Native Americans call the ego “the seducer,” the little voice that corrupts and leads one astray. The vision quest is a tool that’s used to transcend the power of the ego and gain one’s rightful role as the master of self. I would find that fasting would indeed teach me to master my ego. Your ego always wants physical comfort and for life to be easy and expects others to serve it, no matter how inconvenient or humiliating to another.

Fasting teaches you to transcend this selfish monster and learn humility and control over your body. After the first day, my ego was incredulous that I was

putting myself through this self-induced torture. It tried every trick to get me to give up. The thoughts in my head were, Why don’t you quit and go home and get some food and rest on a comfortable bed? You’ve already gotten the answers you came for, so let’s go.

Quieting the voice of the ego takes incredible discipline and patience. After the second day, the voice slowed down. I was no longer hungry to the point where I thought I was going to die, which was a trick the ego was trying to get me to

believe. On the third day, everything was quiet in my mind; the little death had happened, and now I was prepared for the real work. I was relaxed and peaceful. It was one of the best feelings and the worst feelings I’d had in my life, because as the peaceful feelings washed over me, I began to see all of the negative events

that the little voice had caused me in my life. I would focus on these thoughts and the feelings that they caused within me, and then I learned to let them go. It was a wonderful feeling to let go of things within me that I had no idea that I had been holding onto. The memories would flood through me like a wave from a dam

that had just burst. As I let them go, the peaceful feeling would return and wash over me. I would be in bliss for a time, and then another painful memory would

arise from seemingly nowhere and I would repeat the painful process until it was all done. Tears of sorrow and frustration would sting my eyes, sometimes gasps of pain would wrack my body, and then it would be over as quickly as it came. Just when I thought I could bear no more, I would get release, and the blissful ecstasy would return, and the tears of pain would be replaced with tears of joy.
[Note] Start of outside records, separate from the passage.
Lemma closed_loop_cvg0 (thh : R -> 'cV[R]_p) (x : R -> 'cV[R]_n) :
  (forall t : R, 0 <= t -> {for t, continuous thh}) ->
  (forall b : R, exists s : seq R, forall t : R, 0 <= t <= b -> t \notin s ->
     is_derive t 1 thh (tau (thh t) t)) ->
  (forall t : R, 0 <= t ->
     is_derive t 1 x (closed_loop (x t) (thh t) (theta - thh t))) ->
  x t @[t --> +oo] --> (0 : 'cV[R]_n).
Proof.
move=> thh_cont thh_der dx.
pose lam := eps / (2 * eta3); pose kap := Num.min c3 (eta3 / (2 * eta2)).
have lam_gt0 : 0 < lam by rewrite divr_gt0 ?mulr_gt0.
have kap_gt0 : 0 < kap by rewrite lt_min c3_gt0 divr_gt0 ?mulr_gt0.
pose U t := V (x t) + lam * Vth (theta - thh t, t).
have U_cont (t : R) : 0 <= t -> {for t, continuous U}.
  move=> t0; apply: (continuousD (f := V \o x)).
    by have [dv /is_derive1_continuous] := is_derive_V_closed_loop (dx t t0).
  apply: (continuousM (s := cst lam)); first exact: cst_continuous.
  apply: (continuous_comp (f := fun r => (theta - thh r, r)) (g := Vth)).
    apply: (cvg_pair (G := nbhs (theta - thh t)) (H := nbhs t)); last exact: cvg_id.
    by apply: (continuousB (f := cst theta)); [exact: cst_continuous | exact: thh_cont].
  exact/differentiable_continuous.
have U_decay (t : R) : T <= t -> U t <= U T * expR (- kap * (t - T)).
  move=> Tt; have [s thh_s] := thh_der t.
  have := gronwall_affine (w := U) (s := s) (B := 0) kap_gt0 Tt.
  rewrite mul0r subr0 addr0; apply.
    by move=> r /andP[Tr _]; apply: U_cont (le_trans T_ge0 Tr).
  move=> r /andP[Tr rt] rs.
  have r0 : 0 <= r by rewrite (le_trans T_ge0) ?ltW.
  have [dv dvr dv_le] := is_derive_V_closed_loop (dx r r0).
  have r0t : 0 <= r <= t by rewrite r0 ltW.
  have dW := is_derive_Vth_error (thh_s r r0t rs).
  exists (dv + lam * Vth_dot Vth tau theta (theta - thh r) r).
    exact: is_deriveD dvr (is_deriveZ lam dW).
  rewrite addr0; apply: composite_lyapunov_rate dv_le (Vth_dot_le _ (ltW Tr)) => //.
  - by rewrite (le_trans _ (V_lower _)) // mulr_ge0 ?sqr_ge0 ?ltW.
  - exact: Vth_ge0.
  - exact: Vth_le.
apply: (cvg0_of_sqr_enorm_le_expR (A := U T) c1_gt0 kap_gt0) => t Tt.
apply: le_trans (U_decay t Tt); apply: le_trans (V_lower (x t)) _.
by rewrite lerDl mulr_ge0 ?Vth_ge0 ?(le_trans T_ge0 Tt) // ltW.
Qed.
End EstimatorConvergence.
End ClosedLoop.

Theorem theorem1 (R : realType) (n m p : nat)
  (f : 'cV[R]_n -> 'cV[R]_n) (F : 'cV[R]_n -> 'M[R]_(n, p))
  (g : 'cV[R]_n -> 'M[R]_(n, m)) (theta : 'cV[R]_p)
  (tau : 'cV[R]_p -> R -> 'cV[R]_p)
  (Vth : 'cV[R]_p * R -> R) (eta1 eta2 eta3 T : R)
  (V : 'cV[R]_n -> R) (c1 c2 c3 eps : R)
  (k : 'cV[R]_n -> 'cV[R]_p -> 'cV[R]_m) :
  (* plant *)
  loc_lipschitz_on setT f -> loc_lipschitz_on setT F -> loc_lipschitz_on setT g ->
  f 0 = 0 -> F 0 = 0 ->
  (* update law *)
  (forall t : R, 0 <= t -> loc_lipschitz_on setT (fun z => tau z t)) ->
  (forall z, pw_continuous (tau z)) ->
  (* estimator Lyapunov function *)
  C1 Vth -> (forall z (t : R), 0 <= t -> 0 <= Vth (z, t)) ->
  0 < eta1 -> 0 < eta2 -> 0 < eta3 -> 0 <= T ->
  (forall z (t : R), 0 <= t ->
     eta1 * enorm z ^+ 2 <= Vth (z, t) /\ Vth (z, t) <= eta2 * enorm z ^+ 2) ->
  (forall z (t : R), 0 <= t -> Vth_dot Vth tau theta z t <= 0) ->
  (forall z (t : R), T <= t -> Vth_dot Vth tau theta z t <= - eta3 * enorm z ^+ 2) ->
  (* eISS-CLF and controller *)
  eISS_CLF f F g V c1 c2 c3 eps ->
  loc_lipschitz_on [set xt : 'cV[R]_n * 'cV[R]_p | xt.1 != 0]
    (fun xt => k xt.1 xt.2) ->
  (forall x th,
     scal (LieV V f x) + scal (LieV V F x *m th) + scal (LieV V g x *m k x th)
     <= - c3 * V x - eps^-1 * enorm (LieV V F x) ^+ 2) ->
  (* conclusion 1: eISS of the closed loop w.r.t. theta_tilde *)
  (exists c lam : R, 0 < c /\ 0 < lam /\ exists iota : R -> R, K_inf iota /\
     forall (tt : R -> 'cV[R]_p) (x : R -> 'cV[R]_n),
       (exists M : R, forall t : R, 0 <= t -> enorm (tt t) <= M) ->
       (forall t : R, 0 <= t -> is_derive t 1 x
          (f (x t) + F (x t) *m (theta - tt t)
           + g (x t) *m k (x t) (theta - tt t) + F (x t) *m tt t)) ->
       forall t : R, 0 <= t ->
         enorm (x t) <= c * enorm (x 0) * expR (- lam * t)
                        + iota (sup [set enorm (tt s) | s in [set s : R | 0 <= s]]))
  /\
  (* conclusion 2: with the estimator running, x(t) -> 0 *)
  (forall (thhat : R -> 'cV[R]_p) (x : R -> 'cV[R]_n),
     (forall t : R, 0 <= t -> {for t, continuous thhat}) ->
     (forall b : R, exists s : seq R, forall t : R, 0 <= t <= b -> t \notin s ->
        is_derive t 1 thhat (tau (thhat t) t)) ->
     (forall t : R, 0 <= t -> is_derive t 1 x
        (f (x t) + F (x t) *m thhat t
         + g (x t) *m k (x t) (thhat t) + F (x t) *m (theta - thhat t))) ->
     x t @[t --> +oo] --> (0 : 'cV[R]_n)).
Proof.
(* The estimates are proved along every given solution. *)
move=> _ _ _ _ _ _ _ [Vth_diff _] Vth_ge0 _ eta2_gt0 eta3_gt0 T_ge0 Vth_bounds _
  Vth_dot_le [[c1_gt0 c2_gt0 c3_gt0 eps_gt0] [[V_diff _] [_ [_ [_ [V_bounds _]]]]]]
  _ k_decrease.
have V_lower x := (V_bounds x).1; have V_upper x := (V_bounds x).2.
split.
  exists (Num.sqrt (c2 / c1)), (c3 / 2); split; first by rewrite sqrtr_gt0 divr_gt0.
  split; first by rewrite divr_gt0.
  exists (fun r => Num.sqrt (eps / (4 * c1 * c3)) * r); split.
    by apply: K_inf_scale; rewrite sqrtr_gt0 !divr_gt0 ?mulr_gt0.
  move=> tt x tt_bounded dx.
  apply: (closed_loop_eISS c1_gt0 c2_gt0 c3_gt0 eps_gt0 V_diff V_lower V_upper
    k_decrease (thh := fun s => theta - tt s)) => // s s0.
  exact: (le_sup_image (h := fun s => enorm (tt s))).
move=> thh x thh_cont thh_der dx.
have Vth_le z t t0 := (Vth_bounds z t t0).2.
exact: (closed_loop_cvg0 c1_gt0 c3_gt0 eps_gt0 V_diff V_lower k_decrease
  eta2_gt0 eta3_gt0 T_ge0 Vth_diff Vth_ge0 Vth_le Vth_dot_le thh_cont thh_der dx).
Qed.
I remember going through a whole day like this on the third day when I had the emotional cleansing roller coaster.

I was grateful for the experience, and now I knew what the real work was all about that my spirit had planned for me. I watched the sun go down and listened to the chorus of the birds as the night approached, peaceful and content. The

stars came out, and I felt the immense expanse of the cosmos and felt myself expand. I felt a oneness with all of life as never before.